The following organizations and associations offer local, in-person chronic pain support groups:
Psychology Today offers a comprehensive listing of groups by state. Even sites such as MeetUp may include local groups.
If you can’t find a local chronic pain support group, you may be able to start one of your own. The American Chronic Pain Association offers guidance on starting such a group to serve your local community.
Starting a group of your own can be a major undertaking. It will likely require ongoing dedication, so make sure that you’re up for the challenge before you decide to take this mission on.
What to look in support groups
To find a group that works for you, think about what you want to get out of a group:
- Are you looking for a space where you can express your feelings to others?
- Is a group that offers detailed tips and advice for coping with chronic pain more in line with your needs?
- Are you hoping to find a relaxed environment where you can just enjoy some conversation with others who have something in common without dwelling on your health?
All of these different types of groups exist, so you can absolutely find different types of support depending on the group that you choose.
For support groups to be effective, it’s important to feel comfortable and to trust the other group members. Look for a group that is supportive, safe and well-regulated. Find an in-person groups led by trained professionals who help to make sure spaces are safe and welcoming.
Online groups can be more difficult to regulate, especially if moderators are not consistently online. If you do join an online group, look for a private group that screens members before admitting them.

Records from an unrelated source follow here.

(* For every $n\ge1$, letting $\mathcal{A}^{(1)}_m$ denote the set of $1$-almost-increasing permutations in $S_m$, $$\mathcal{A}^{(1)}_{n+1}=\rho_{1,1}(\mathcal{A}^{(1)}_n)\cup\rho_{1,2}(\mathcal{A}^{(1)}_n)\cup\rho_{2,1}(\mathcal{A}^{(1)}_n)\cup\rho_{2,2}(\mathcal{A}^{(1)}_n).$$
   Context: A permutation $\pi\in S_m$ (one-line form) is $1$-almost-increasing if for every $i\in\{1,\dots,m\}$ there is at most one $j\le i$ with $\pi_j>i$; equivalently, $\pi$ avoids $4321,4312,3421,3412$. For $\pi\in S_n$ and $1\le i,j\le n+1$, $\rho_{i,j}(\pi)\in S_{n+1}$ is obtained by increasing by $1$ every entry of $\pi$ that is $\ge i$ and then inserting the value $i$ so that it occupies position $j$. *)

(* Permutations of S_m are 'S_m = {perm 'I_m}; positions and
   values are 0-indexed (paper's value/position k corresponds to ordinal k-1). *)
From mathcomp Require Import all_boot all_order all_fingroup.
Set Implicit Arguments. Unset Strict Implicit. Unset Printing Implicit Defensive.

(* 1-almost-increasing: for every i in {1..m} at most one j <= i with pi_j > i.
   0-indexed with t = i-1 and p = j-1: #{p | p <= t and pi(p) > t} <= 1. *)
Definition almost_inc1 (m : nat) (s : 'S_m) : bool :=
  [forall t : 'I_m, #|[set p : 'I_m | (p <= t)%N && (t < s p)%N]| <= 1].

Definition A1 (m : nat) : {set 'S_m} := [set s : 'S_m | almost_inc1 s].

(* rho_{i,j}(pi): shift every value >= i up by one, insert value i at position j.
   0-indexed: position j gets value i; position q <> j (q = lift j k) gets
   value bump i (pi k). *)
Definition rho_fun (n : nat) (i j : 'I_n.+1) (s : 'S_n) (q : 'I_n.+1) : 'I_n.+1 :=
  if unlift j q is Some k then lift i (s k) else i.

Lemma rho_fun_inj (n : nat) (i j : 'I_n.+1) (s : 'S_n) : injective (rho_fun i j s).
Proof.
move=> q1 q2; rewrite /rho_fun.
case: unliftP => [k1 ->|->]; case: unliftP => [k2 ->|->] //.
- by move/lift_inj/perm_inj ->.
- by move/eqP; rewrite eq_sym (negbTE (neq_lift _ _)).
- by move/eqP; rewrite (negbTE (neq_lift _ _)).
Qed.

Definition rho (n : nat) (i j : 'I_n.+1) (s : 'S_n) : 'S_n.+1 :=
  perm (@rho_fun_inj n i j s).

(** Inserting a new entry at position [j <= 1] with value [i <= 1] shifts by one every
    position and value that matters at a threshold [t + 1 >= 1], and the new entry never
    exceeds such a threshold.  Hence the number of entries at positions [<= t + 1] with
    values [> t + 1] in [rho i j s] equals the corresponding number for [s] at threshold
    [t], while at threshold [0] at most one entry can count; so [rho i j] preserves
    1-almost-increasingness in both directions.  Conversely, every permutation
    is [rho (r j) j s] for the [s] obtained by deleting position [j], and a 1-almost-
    increasing [r] with [n + 1 >= 2] entries has [r j <= 1] for some [j <= 1], as
    otherwise both entries at positions 0 and 1 would exceed the threshold 1. *)
From mathcomp Require Import all_boot all_order all_fingroup.
From mathcomp Require Import zify.
Set Implicit Arguments. Unset Strict Implicit. Unset Printing Implicit Defensive.

Definition exceed_card (m : nat) (s : 'S_m) (t : nat) : nat :=
  #|[set p : 'I_m | (p <= t) && (t < s p)]|.

Lemma almost_inc1E (m : nat) (s : 'S_m) :
  almost_inc1 s = [forall t : 'I_m, exceed_card s t <= 1].
Proof. by []. Qed.

Lemma exceed_card0_le1 (m : nat) (s : 'S_m) : exceed_card s 0 <= 1.
Proof.
case: m s => [|m] s; first by rewrite (leq_trans (max_card _)) // card_ord.
rewrite -(cards1 (@ord0 m)); apply: subset_leq_card; apply/subsetP => p.
by rewrite !inE => /andP[p_le0 _]; apply/eqP/val_inj => /=; lia.
Qed.

Lemma rhoE (n : nat) (i j : 'I_n.+1) (s : 'S_n) (q : 'I_n.+1) :
  rho i j s q = rho_fun i j s q.
Proof. by rewrite permE. Qed.

Lemma rho_lift (n : nat) (i j : 'I_n.+1) (s : 'S_n) (k : 'I_n) :
  rho i j s (lift j k) = lift i (s k).
Proof. by rewrite rhoE /rho_fun liftK. Qed.

Lemma rho_at (n : nat) (i j : 'I_n.+1) (s : 'S_n) : rho i j s j = i.
Proof. by rewrite rhoE /rho_fun unlift_none. Qed.

Lemma exceed_card_rho (n : nat) (i j : 'I_n.+1) (s : 'S_n) (t : nat) :
  i <= 1 -> j <= 1 -> exceed_card (rho i j s) t.+1 = exceed_card s t.
Proof.
move=> i_le1 j_le1; rewrite /exceed_card -(card_imset _ (@lift_inj _ j)).
apply: eq_card => p; rewrite !inE.
case: (unliftP j p) => [k ->|->].
  rewrite (mem_imset _ _ (@lift_inj _ j)) inE rho_lift /= /bump.
  move: (s k) => v; case: k => k _ /=.
  by case: (leqP j k) => ?; case: (leqP i v) => ? /=;
    apply/idP/idP => /andP[? ?]; apply/andP; split; lia.
rewrite rho_at (_ : t.+1 < i = false) ?andbF; last by lia.
by apply/esym/negbTE/imsetP => -[k _] /eqP; rewrite (negbTE (neq_lift _ _)).
Qed.

Lemma A1_rho (n : nat) (i j : 'I_n.+1) (s : 'S_n) :
  i <= 1 -> j <= 1 -> (rho i j s \in A1 n.+1) = (s \in A1 n).
Proof.
move=> i_le1 j_le1; rewrite !inE !almost_inc1E.
apply/forallP/forallP => s_inc t.
  by have := s_inc (lift ord0 t); rewrite /= /bump add1n exceed_card_rho.
case: (unliftP ord0 t) => [k ->|->]; last exact: exceed_card0_le1.
by rewrite /= /bump add1n exceed_card_rho //; apply: s_inc.
Qed.

Definition delete_fun (n : nat) (j : 'I_n.+1) (r : 'S_n.+1) (k : 'I_n) : 'I_n :=
  if unlift (r j) (r (lift j k)) is Some x then x else k.

Lemma lift_delete_fun (n : nat) (j : 'I_n.+1) (r : 'S_n.+1) (k : 'I_n) :
  lift (r j) (delete_fun j r k) = r (lift j k).
Proof.
rewrite /delete_fun; case: unliftP => [x -> //|/perm_inj/eqP].
by rewrite eq_sym (negbTE (neq_lift _ _)).
Qed.

Lemma delete_fun_inj (n : nat) (j : 'I_n.+1) (r : 'S_n.+1) : injective (delete_fun j r).
Proof.
by move=> k1 k2 /(congr1 (lift (r j))); rewrite !lift_delete_fun => /perm_inj/lift_inj.
Qed.

Definition delete (n : nat) (j : 'I_n.+1) (r : 'S_n.+1) : 'S_n :=
  perm (@delete_fun_inj n j r).

Lemma rho_delete (n : nat) (j : 'I_n.+1) (r : 'S_n.+1) : rho (r j) j (delete j r) = r.
Proof.
apply/permP => q; case: (unliftP j q) => [k ->|->]; last exact: rho_at.
by rewrite rho_lift permE lift_delete_fun.
Qed.

Lemma A1_small_entry (n : nat) (r : 'S_n.+1) :
  1 <= n -> r \in A1 n.+1 -> exists2 j : 'I_n.+1, j <= 1 & r j <= 1.
Proof.
move=> n_ge1; rewrite inE almost_inc1E => /forallP /(_ (inord 1)).
rewrite inordK; last by lia.
have one_val : (inord 1 : 'I_n.+1) = 1 :> nat by rewrite inordK //; lia.
case r0: (r ord0 <= 1); first by exists ord0.
case r1: (r (inord 1) <= 1); first by exists (inord 1); rewrite ?one_val.
have two_exceed : [set ord0; inord 1] \subset [set p : 'I_n.+1 | (p <= 1) && (1 < r p)].
  by apply/subsetP => p; rewrite !inE => /orP[]/eqP ->; rewrite ?one_val /=; lia.
have ord0_neq1 : ord0 != inord 1 :> 'I_n.+1 by rewrite -val_eqE /= one_val.
by move/(leq_trans (subset_leq_card two_exceed)); rewrite cards2 ord0_neq1.
Qed.

Lemma A1_rhoP (n : nat) (r : 'S_n.+1) : 1 <= n ->
  reflect (exists i j : 'I_n.+1, exists2 s, [&& i <= 1, j <= 1 & s \in A1 n] & r = rho i j s)
          (r \in A1 n.+1).
Proof.
move=> n_ge1; apply: (iffP idP) => [r_inc | [i [j [s /and3P[i_le1 j_le1 s_inc] ->]]]].
  have [j j_le1 rj_le1] := A1_small_entry n_ge1 r_inc.
  exists (r j), j, (delete j r); last by rewrite rho_delete.
  by rewrite rj_le1 j_le1 -(A1_rho _ rj_le1 j_le1) rho_delete.
by rewrite A1_rho.
Qed.

Lemma ord_le1 (n : nat) (x : 'I_n.+1) : x <= 1 -> x = ord0 \/ x = inord 1.
Proof.
move=> x_le1; have x_lt := ltn_ord x.
by case: (posnP x) => x0; [left | right]; apply: val_inj; rewrite /= ?inordK; lia.
Qed.

Theorem theorem7p4 (n : nat) (hn : (1 <= n)%N) :
  A1 n.+1 =
    [set rho ord0 ord0 s | s in A1 n] :|: [set rho ord0 (inord 1) s | s in A1 n]
    :|: [set rho (inord 1) ord0 s | s in A1 n]
    :|: [set rho (inord 1) (inord 1) s | s in A1 n].
Proof.
have one_le1 : (inord 1 : 'I_n.+1) <= 1 by rewrite inordK //; lia.
apply/setP => r; rewrite !in_setU; apply/(A1_rhoP _ hn)/idP.
  move=> [i [j [s /and3P[/ord_le1 i01 /ord_le1 j01 s_inc] ->]]].
  have mem_image a b : rho a b s \in [set rho a b s | s in A1 n] by apply: imset_f.
  by case: i01 => ->; case: j01 => ->; rewrite mem_image ?orbT.
move=> /orP[/orP[/orP[]|]|] /imsetP[s s_inc ->];
  by do 2 eexists; exists s; last reflexivity; rewrite s_inc ?one_le1.
Qed.
(* Let $N=1$, $A_0,A_1\in\mathbb{C}^{n\times n}$, $u_0\in\mathbb{C}^n$, $t\ge0$, $\varepsilon\in\mathbb{C}$ and $k\ge1$. Then $$\Big\|u(t,\varepsilon)-\sum_{\ell=0}^{k-1}\varepsilon^\ell c_\ell(t)\Big\|\le\frac{e^{t(\mu(A_0)+|\varepsilon|\|A_1\|)}\,\big(|\varepsilon|\,\|tA_1\|\big)^k}{k!}\,\|u_0\|.$$
   Context: $\|\cdot\|$ is the Euclidean norm and induced spectral norm. $u(t,\varepsilon):=\exp(t(A_0+\varepsilon A_1))u_0=\sum_{\ell\ge0}\varepsilon^\ell c_\ell(t)$ is the Taylor expansion in $\varepsilon$. $\mu(B):=\max\Lambda((B+B^* )/2)$ is the logarithmic norm. *)

From Stdlib Require Import Reals Lra Lia Arith Factorial.
Open Scope R_scope.

Definition Cx : Type := (R * R)%type.
Definition C0 : Cx := (0, 0).
Definition RtoC (r : R) : Cx := (r, 0).
Definition Cadd (a b : Cx) : Cx := (fst a + fst b, snd a + snd b).
Definition Copp (a : Cx) : Cx := (- fst a, - snd a).
Definition Cmul (a b : Cx) : Cx :=
  (fst a * fst b - snd a * snd b, fst a * snd b + snd a * fst b).
Definition Cconj (a : Cx) : Cx := (fst a, - snd a).
Definition Cmod (a : Cx) : R := sqrt (fst a ^ 2 + snd a ^ 2).
Fixpoint Cpow (a : Cx) (k : nat) : Cx :=
  match k with O => RtoC 1 | S k' => Cmul a (Cpow a k') end.

Fixpoint Csum (N : nat) (f : nat -> Cx) : Cx :=
  match N with O => C0 | S N' => Cadd (Csum N' f) (f N') end.

(* Vectors in C^n: only the coordinates i < n are meaningful. *)
Definition vec : Type := nat -> Cx.
Definition mat : Type := nat -> nat -> Cx.

Definition vadd (x y : vec) : vec := fun i => Cadd (x i) (y i).
Definition vsub (x y : vec) : vec := fun i => Cadd (x i) (Copp (y i)).
Definition vscal (a : Cx) (x : vec) : vec := fun i => Cmul a (x i).
Definition vzero : vec := fun _ => C0.
Fixpoint vsum (N : nat) (f : nat -> vec) : vec :=
  match N with O => vzero | S N' => vadd (vsum N' f) (f N') end.

Fixpoint Rsumsq (N : nat) (x : vec) : R :=
  match N with O => 0 | S N' => Rsumsq N' x + Cmod (x N') ^ 2 end.
Definition vnorm (n : nat) (x : vec) : R := sqrt (Rsumsq n x).

Definition madd (A B : mat) : mat := fun i j => Cadd (A i j) (B i j).
Definition mscal (a : Cx) (A : mat) : mat := fun i j => Cmul a (A i j).
Definition mapply (n : nat) (A : mat) (x : vec) : vec :=
  fun i => Csum n (fun k => Cmul (A i k) (x k)).
Definition mmul (n : nat) (A B : mat) : mat :=
  fun i j => Csum n (fun k => Cmul (A i k) (B k j)).
Definition mid : mat := fun i j => if Nat.eqb i j then RtoC 1 else C0.
Fixpoint mpow (n : nat) (A : mat) (k : nat) : mat :=
  match k with O => mid | S k' => mmul n A (mpow n A k') end.
Definition madj (A : mat) : mat := fun i j => Cconj (A j i).
Lemma PD_mult_iso :
  measurable_fun setT Pm /\
  (forall rho : PD R Y, meq (Ptheta (Pm rho) : probability X R)
     (Pmu (pushforward (Ptheta rho : probability Y R) theta))) /\
  measurable_fun setT Pe /\
  (forall p : Y, meq (Ptheta (Pm (Pe p)) : probability X R) (theta p : probability X R)) /\
  (forall rho : PD R Y, meq (Ptheta (Pe (Pm rho)) : probability Y R)
     (Ptheta rho : probability Y R)).
Proof.
split.
  exact/measurable_fun_msub/(measurableT_comp measurable_PDjoin)/measurable_msub_val.
split.
  move=> rho A mA; rewrite /Pmu ge0_integral_pushforward //.
  - exact: PDjoinE.
  - exact: measurable_Ptheta.
  - exact: measurable_pprobability_ev.
split; first exact/measurable_fun_msub/measurable_Peta.
split; first exact: PDjoin_Peta.
move=> rho _ [B mB <-]; rewrite setTI.
by rewrite -(dirac_PDjoin (proj2_sig rho)) // !diracE.
Qed.

End PD_multiplication.

Lemma MDset_Meta {R : realType} {d} {X : measurableType d} (p : X) :
  @MDset R _ X (Meta R p).
Proof. by []. Qed.

Section MD_multiplication.
Context {R : realType} {d} (X : measurableType d).

Local Notation Y := (MD R X).
Local Notation theta := (@Mtheta R d X).

Lemma measurable_Mtheta : measurable_fun setT theta.
Proof. exact: measurable_msub_val. Qed.

Definition MDjoin (s : giry Y R) : giry X R := giry_join (giry_map measurable_Mtheta s).

Lemma measurable_MDjoin : measurable_fun setT MDjoin.
Proof. exact: measurableT_comp measurable_giry_join (measurable_giry_map _). Qed.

You may want to sit back and watch the conversation for a few days to get a sense of the group before deciding to engage.
Well-organized groups often create a more engaging atmosphere than groups with less structure. Regularly scheduled meetings and questions to prompt discussion help to keep things organized and spur conversation. For online groups, look for an engaged membership.
Every group is different. If the first group you connect with isn’t quite what you’re looking for, keep looking. There’s sure to be one out there that supports your needs.